Vulnerability is defined for buildings as the degree of loss resulting from a hazard at a certain severity level and depends on the reduction in resistance and the level of decay in the structures as a result of constant exposure to environmental factors (such as seismic actions). 

  • vulnerable buildings
  • structural strengthening
  • environmental sustainability
  • life cycle
  • environmental assessment
  • embodied carbon
  • embodied energy
  • resource use

1. Background

Earthquakes are considered as the deadliest phenomena [1], as their occurrence collapses vulnerable buildings, therefore causing high numbers of casualties [2]. To increase the resistance of buildings, they would naturally need to meet upgraded safety requirements. However, the necessary progress for pre-disaster preparedness, including the renewal of building codes, is far behind in developing countries compared to developed countries [2]. Added to that, post-disaster preparedness is also rare in these countries [3]. A third factor to consider is the fact that population growing trends concentrate in megacities, while projections spanning the next 50 years suggest that one earthquake event in one such a city may cause up to 1 million deaths [4], hence our suggesting that current vulnerable building stock will increase exponentially.
The environmental sustainability of the buildings adds problems once the building sector is highly responsible for world energy consumption and carbon dioxide (CO2) emissions. While the total energy use during the operation and construction of the building sector has reached 36% of global final energy use, CO2 emissions from buildings have generated about 40% of the world’s total emissions [5]. For instance, greenhouse gas (GHG) emissions are one of the sources of air pollution, and buildings are individually responsible for more than half of emissions by the built environment. This air pollution caused by energy use in buildings globally kills half a million each year [6]. To an extent, this latent problem reflects the inability of construction industries in keeping up or engaging with other sectors in developing and enforcing sustainability methods and procedures. In such a context, energy-efficient measures and the efficient use of resources (building materials) offer opportunities for reducing emissions [7], while life cycle assessment (LCA) frameworks provide tools and instruments to quantify environmental impacts, taking into account lifetime flows between nature and building from cradle-to-grave [8].

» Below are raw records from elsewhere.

(* Let $u\in\mathbb{R}$, $q=Q_v(u)$, $r=\mathcal{S}(U(u))$, $e=u-\sup\{T_n^0:T_n^0\le u\}$, $z^+=(q,r,e)$ and $z^-=(0,0,e)$. Then for all $t\ge u$, \[ Q_u(t-u;z^-)\le Q_u(t-u;z^+)\le Q_v(t).\]
   Context: Let $c\ge1$. Let $G,F$ be CDFs of strictly positive random variables $A$ (interarrival) and $V$ (service), $\lambda=1/E[A]$, $\mu=1/E[V]$, $\lambda<c\mu$. Let $\mathcal{T}^0=\{T_n^0:n\in\mathbb{Z}\setminus\{0\}\}$ be a time-stationary renewal point process with inter-renewal CDF $G$, indexed $\dots<T_{-1}^0<0<T_1^0<\dots$. Let $\mathcal{T}^i=\{T_n^i\}$, $i=1,\dots,c$, be i.i.d. time-stationary renewal processes with inter-renewal CDF $F$, independent of $\mathcal{T}^0$; $V_k^i=T_k^{i,+}-T_k^i$ where $T_k^{i,+}$ is the next point after $T_k^i$. $U^i(t)=\inf\{T_n^i:T_n^i>t\}-t$, $U(t)=(U^1(t),\dots,U^c(t))$; $\mathcal{S}$ sorts ascending. Vacation system: customers arrive at the points of $\mathcal{T}^0$ and wait in a FCFS queue; at each point $T_k^i$, if the queue is nonempty just before, the head customer leaves the queue and is served by server $i$ for time $V_k^i$, otherwise server $i$ takes a vacation of length $V_k^i$. Its stationary number waiting in queue is $Q_v(t)=\sup_{s\le t}\big(|(s,t]\cap\mathcal{T}^0|-\sum_{i=1}^c|(s,t]\cap\mathcal{T}^i|\big)$. The customer arriving at $T_n^0$ leaves this queue at some point $T_k^{i(n)}$ and is assigned service time $V_n:=V_k^{i(n)}$. For $u\in\mathbb{R}$ and $z=(q,r,e)$ ($q\in\mathbb{Z}_{\ge0}$, $r\in\mathbb{R}_{\ge0}^c$ ascending, $e\ge0$), $Q_u(t;z)$, $t\ge0$, is the number of customers waiting in queue at time $u+t$ in a FCFS $c$-server queue which at time $u$ has $q$ customers waiting, sorted remaining service times $r$ at the servers and time $e$ since the last arrival, and which is fed by the customers arriving at $T_n^0\in(u,u+t]$ with service times $V_n$. *)

From mathcomp Require Import all_boot all_order all_algebra.
From mathcomp Require Import boolp classical_sets reals.
Set Implicit Arguments. Unset Strict Implicit. Unset Printing Implicit Defensive.
Import Order.TTheory GRing.Theory Num.Theory.
Local Open Scope ring_scope.
Local Open Scope classical_set_scope.

Section QueueDefs.
Variable R : realType.
Lemma m_prodpow_delta n (b : 'I_n -> T) i :
  m_prodpow mul one b (fun j => Posz (j == i)) = b i.
Proof.
rewrite /m_prodpow (eq_bigr (fun j => if j == i then b i else one)).
  by rewrite big_seq_pick1 ?index_enum_uniq ?mem_index_enum.
by move=> j _; have [->|_] := eqVneq j i; rewrite /= ?mulm1.
Qed.
End MonoidTheory.

Section MonoidMorphism.
Variables (T1 T2 : Type) (op1 : T1 -> T1 -> T1) (e1 : T1) (op2 : T2 -> T2 -> T2) (e2 : T2).
Hypotheses (op2A : associative op2) (op21m : left_id e2 op2) (op2m1 : right_id e2 op2).
Variable f : T1 -> T2.
Hypotheses (fM : {morph f : x y / op1 x y >-> op2 x y}) (f1 : f e1 = e2).

Lemma m_inv_morph x :
  m_invertible op1 e1 x -> m_inv op2 e2 (f x) = f (m_inv op1 e1 x).
Proof.
by move=> ix; have [xx' x'x] := m_inv_spec ix; apply: m_inv_unique; rewrite // -fM ?xx' ?x'x.
Qed.

Lemma iter_morph x n : f (iter n (op1 x) e1) = iter n (op2 (f x)) e2.
Proof. by elim: n => //= n <-; rewrite fM. Qed.

Lemma m_zpow_morph x k :
  m_invertible op1 e1 x -> f (m_zpow op1 e1 x k) = m_zpow op2 e2 (f x) k.
Proof. by move=> ix; case: k => m; rewrite /m_zpow iter_morph ?m_inv_morph. Qed.

Lemma m_prodpow_morph n (b : 'I_n -> T1) k :
  (forall i, m_invertible op1 e1 (b i)) ->
  f (m_prodpow op1 e1 b k) = m_prodpow op2 e2 (fun i => f (b i)) k.
Proof.
move=> ib; rewrite /m_prodpow (big_morph f fM f1).
by apply: eq_bigr => i _; apply: m_zpow_morph.
Qed.
End MonoidMorphism.

Section Realms.
Variables (K : fieldType) (X : scalable_monoid K).
Local Notation mul := (@sm_mul K X).
Local Notation one := (sm_one X).
Local Notation prodpow b k := (m_prodpow mul one b k).
Local Open Scope ring_scope.

Let mulXA : associative mul := @sm_mulA K X.
Let mul1X : left_id one mul := @sm_mul1x K X.
Let mulX1 : right_id one mul := @sm_mulx1 K X.

Lemma commensurable_refl (x : X) : commensurable x x.
Proof. by exists 1, 1. Qed.

Lemma commensurable_sym (x y : X) : commensurable x y -> commensurable y x.
Proof. by case=> a [b h]; exists b, a. Qed.

Lemma commensurable_trans (x y z : X) :
  commensurable x y -> commensurable y z -> commensurable x z.
Proof.
case=> a [b xy] [c [d yz]]; exists (c * a), (b * d).
by rewrite -sm_scaleA xy sm_scaleA mulrC -(sm_scaleA b c) yz sm_scaleA.
Qed.

Lemma commensurable_mul (x x' y y' : X) :
  commensurable x x' -> commensurable y y' -> commensurable (mul x y) (mul x' y').
Proof.
case=> a [b xx'] [c [d yy']]; exists (a * c), (b * d).
by rewrite -!sm_scaleA sm_scale_mulr sm_scale_mull yy' xx' -sm_scale_mull -sm_scale_mulr.
Qed.

Lemma realm_val_inj (r s : realms X) : sval r = sval s -> r = s.
Proof. by case: r s => p hp [q hq] /= pq; subst q; congr exist; apply: proof_irrelevance. Qed.

Lemma realm_eqE (x y : X) : realm x = realm y <-> commensurable x y.
Proof.
split=> xy.
  have yy : sval (realm y) y by exact: commensurable_refl.
  by rewrite -xy in yy.
apply/realm_val_inj/functional_extensionality => z /=.
apply: propositional_extensionality; rewrite /realm_pred.
by split; [apply: commensurable_trans (commensurable_sym xy) | apply: commensurable_trans].
Qed.

Lemma realm_repK (r : realms X) : realm (realm_rep r) = r.
Proof.
apply: realm_val_inj; symmetry.
apply: (epsilon_spec (inhabits one) (fun x => sval r = realm_pred x)).
by case: r => p [x px]; exists x.
Qed.

Lemma realm_mulE (x y : X) : realm_mul (realm x) (realm y) = realm (mul x y).
Proof. by apply/realm_eqE/commensurable_mul; apply/realm_eqE; rewrite realm_repK. Qed.

Lemma realm_mulA : associative (@realm_mul K X).
Proof.
move=> r s t; rewrite -(realm_repK r) -(realm_repK s) -(realm_repK t).
by rewrite !realm_mulE sm_mulA.
Qed.

Lemma realm_mul1r : left_id (realm_one X) (@realm_mul K X).
Proof. by move=> r; rewrite -(realm_repK r) realm_mulE sm_mul1x. Qed.

Lemma realm_mulr1 : right_id (realm_one X) (@realm_mul K X).
Proof. by move=> r; rewrite -(realm_repK r) realm_mulE sm_mulx1. Qed.

Lemma realm_prodpow n (b : 'I_n -> X) k : (forall i, sm_invertible (b i)) ->
  realm (prodpow b k) = m_prodpow (@realm_mul K X) (realm_one X) (fun i => realm (b i)) k.
Proof.
have realmM : {morph @realm K X : x y / mul x y >-> realm_mul x y}.
  by move=> x y; rewrite realm_mulE.
exact: (@m_prodpow_morph _ _ _ one _ _ realm_mulA realm_mul1r realm_mulr1 _ realmM erefl).
Qed.

Lemma realms_basis_of_sm_basis n (b : 'I_n -> X) :
  sm_basis b -> realms_basis (fun i => realm (b i)) /\ injective (fun i => realm (b i)).
Proof.
move=> [ib [span uniq_exp]]; split; first split.
- move=> r; rewrite -(realm_repK r); have [mu [k ->]] := span (realm_rep r).
  exists k; rewrite -realm_prodpow //; apply/realm_eqE.
  by exists 1, mu; rewrite sm_scale1.
- move=> k k'; rewrite -!realm_prodpow // => /realm_eqE [a [c ac]].
  exact: (uniq_exp _ _ _ _ ac).2.
- move=> i j /realm_eqE [a [c ac]].
  rewrite -(m_prodpow_delta mul1X mulX1 b i) -(m_prodpow_delta mul1X mulX1 b j) in ac.
  have := (uniq_exp _ _ _ _ ac).2 i; rewrite eqxx.
  by have [|] := eqVneq i j.
Qed.

Section WithBasis.
Variables (m : nat) (c : 'I_m -> X).
Hypothesis c_basis : sm_basis c.

Lemma sm_one_neq_scale0 (y : X) : one <> sm_scale 0 y.
Proof.
have [_ [span uniq_exp]] := c_basis; move=> one0.
have [_ [r _]] := span one; have [t [tt ht]] := span (mul y (prodpow c r)).
have : sm_scale 1 (prodpow c r) = sm_scale (0 * t) (prodpow c tt).
  by rewrite sm_scale1 -sm_scaleA -ht sm_scale_mull -one0 sm_mul1x.
by case/uniq_exp; rewrite mul0r => /eqP; rewrite oner_eq0.
Qed.

(* Commensurable elements have the same exponents on the basis [c]. *)
Lemma commensurable_invertible_scale (x y : X) :
  commensurable x y -> sm_invertible y -> exists mu, x = sm_scale mu y.
Proof.
have [_ [span uniq_exp]] := c_basis.
case=> a [b xy] [y' [yy' _]].
have [mu [k xE]] := span x; have [nu [k' yE]] := span y.
move: xy; rewrite xE yE !sm_scaleA => /uniq_exp [_ /functional_extensionality kk'].
subst k'; have nu0 : nu != 0.
  apply/eqP => nu0; apply: (@sm_one_neq_scale0 (mul (prodpow c k) y')).
  by rewrite -{1}yy' yE nu0 sm_scale_mull.
by exists (mu / nu); rewrite sm_scaleA divfK.
Qed.

Lemma sm_scale_inj (mu mu' : K) (q : X) :
  sm_invertible q -> sm_scale mu q = sm_scale mu' q -> mu = mu'.
Proof.
have [_ [span uniq_exp]] := c_basis.
case=> q' [qq' _] muq.
have mu1 : sm_scale mu one = sm_scale mu' one by rewrite -qq' !sm_scale_mull muq.
have [s [r oneE]] := span one.
have s0 : s != 0.
  by apply/eqP => s0; apply: (@sm_one_neq_scale0 (prodpow c r)); rewrite {1}oneE s0.
by move: mu1; rewrite oneE !sm_scaleA => /uniq_exp [/mulIf ->].
Qed.

Lemma sm_basis_of_realms_basis n (b : 'I_n -> X) :
  (forall i, sm_invertible (b i)) -> realms_basis (fun i => realm (b i)) -> sm_basis b.
Proof.
move=> ib [span uniq_exp]; split=> //; split.
- move=> x; have [k] := span (realm x); rewrite -realm_prodpow // => /realm_eqE xk.
  have [mu ->] := commensurable_invertible_scale xk (m_invertible_prodpow mulXA mulX1 k ib).
  by exists mu, k.
- move=> mu mu' k k' muk.
  have kk' : forall i, k i = k' i.
    apply: uniq_exp; rewrite -!realm_prodpow //; apply/realm_eqE.
    by exists mu, mu'.
  move/functional_extensionality: kk' muk => <- muk; split=> //.
  exact: sm_scale_inj (m_invertible_prodpow mulXA mulX1 k ib) muk.
Qed.
End WithBasis.
End Realms.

2. State of the Art of the Life Cycle Environmental Impact Assessment of Vulnerable Buildings

Buildings consume energy and emit pollutants throughout their entire life. This occurs through embodied and operational energy and carbon. Embodied impacts span the manufacturing and end-of-life stages of a building, whereas operational impacts refer to its use [9]. Figure 1 illustrates this distinction through stages and system boundaries, including representative modules according to EN 15,978 [10] and Annex 57 [11]. Embodied impacts load the environment through resource depletion and the pollution of water, air and soil, and embodied energy can constitute 10–20% of the energy demand of a building from cradle-to-grave (regarding both residential and office buildings) [12]. Carbon emissions occur during manufacturing, on-site construction, repair, deconstruction, and mainly the construction stage because of the large energy consumption [13]; the manufacturing of building materials takes up about 20% of the world’s fuel consumption [14]. Furthermore, the manufacturing phase depletes natural resources and generates significant amounts of debris from demolition. Evidence of this is the approximately 89 billion tons (Gt) of natural resources consumed in 2017 globally. The construction sector consumed 44 Gt from the global account of non-metallic materials, and this amount is set to increase to 86 Gt by 2060 [15]. This adds to the fact that the operation of buildings causes the highest energy consumption and accompanying GHG emissions amongst other human-led activities [16]. Therefore, most sustainability initiatives and techniques aim at cutting down the operational energy to nearly zero while excluding embodied energy.
Modern techniques for reducing energy and carbon emissions related to buildings focus on energy upgrading. This has revealed that existing building stock could not provide sufficient energy saving; most crucially, this expansive stock continues deteriorating, which increases vulnerability to seismic motions [17]. For this reason, Feroldi et al. [18], Mora et al. [19], Marini et al. [17], Georgescu et al. [20], Basirico and Enea [21], De Vita et al. [22], Mora et al. [23], and Lamperti et al. [24] have worked to increase structural safety through energy retrofitting mostly focused on building envelopes that provide thermal comfort. However, these studies do not foresee merging the assessment of structural and environmental performance [25] while excluding the embodied carbon and energy caused by structural deficiencies in reported life cycle analyses.
As sustainability best practice manages to reduce operational energy, the research focus will slightly shift to tackle material-related embodied impacts [26]. To date, traditional LCA frameworks have been partially insufficient to assess a building’s environmental performance accurately, particularly when environmental loss due to destructive disasters needs addressing [27]. It is worth noting that the quantification of building environmental impacts includes the entire process from construction to maintenance and replacements [28]. However, no equivalent database exists for the environmental impacts of post-disaster repair or the reconstruction of buildings in the historical loss data in the form of cost data associated with damage repair [1]. As a result, various studies have estimated the environmental impacts derived from the repair probabilistically. These are mostly focused on seismic damage, and therefore integrate performance-based earthquake engineering (PBEE) methods [29]. These use HAZUS and/or PACT tools to calculate earthquake-induced losses probabilistically, considering uncertainties associated with seismic events, relate damage probabilities [30][31] and relevant repair costs that can be adopted to calculate environmental impacts [32]. This adoption has been conducted through three different pathways [29], namely, repair cost ratio (ratio between repair cost and replacement cost of a building) [33][34][35][36], EIO-LCA (economic input-output life cycle assessment) [37][38], and LCA according to repair description [1][27][28][32][39][40][41][42][43][44][45][46]. In recent years, the integration methods and standards have increased substantially; however, no consensus has been created on the best-integrated approach [29]. Part of the complexity of finding the optimal approximation is the need to fulfil hazard-resistant design [42], which tends to be a highly technical subject compared with standard LCA. The hazard-resistant design should also cover pre- and post-disaster construction and repair for existing vulnerable buildings.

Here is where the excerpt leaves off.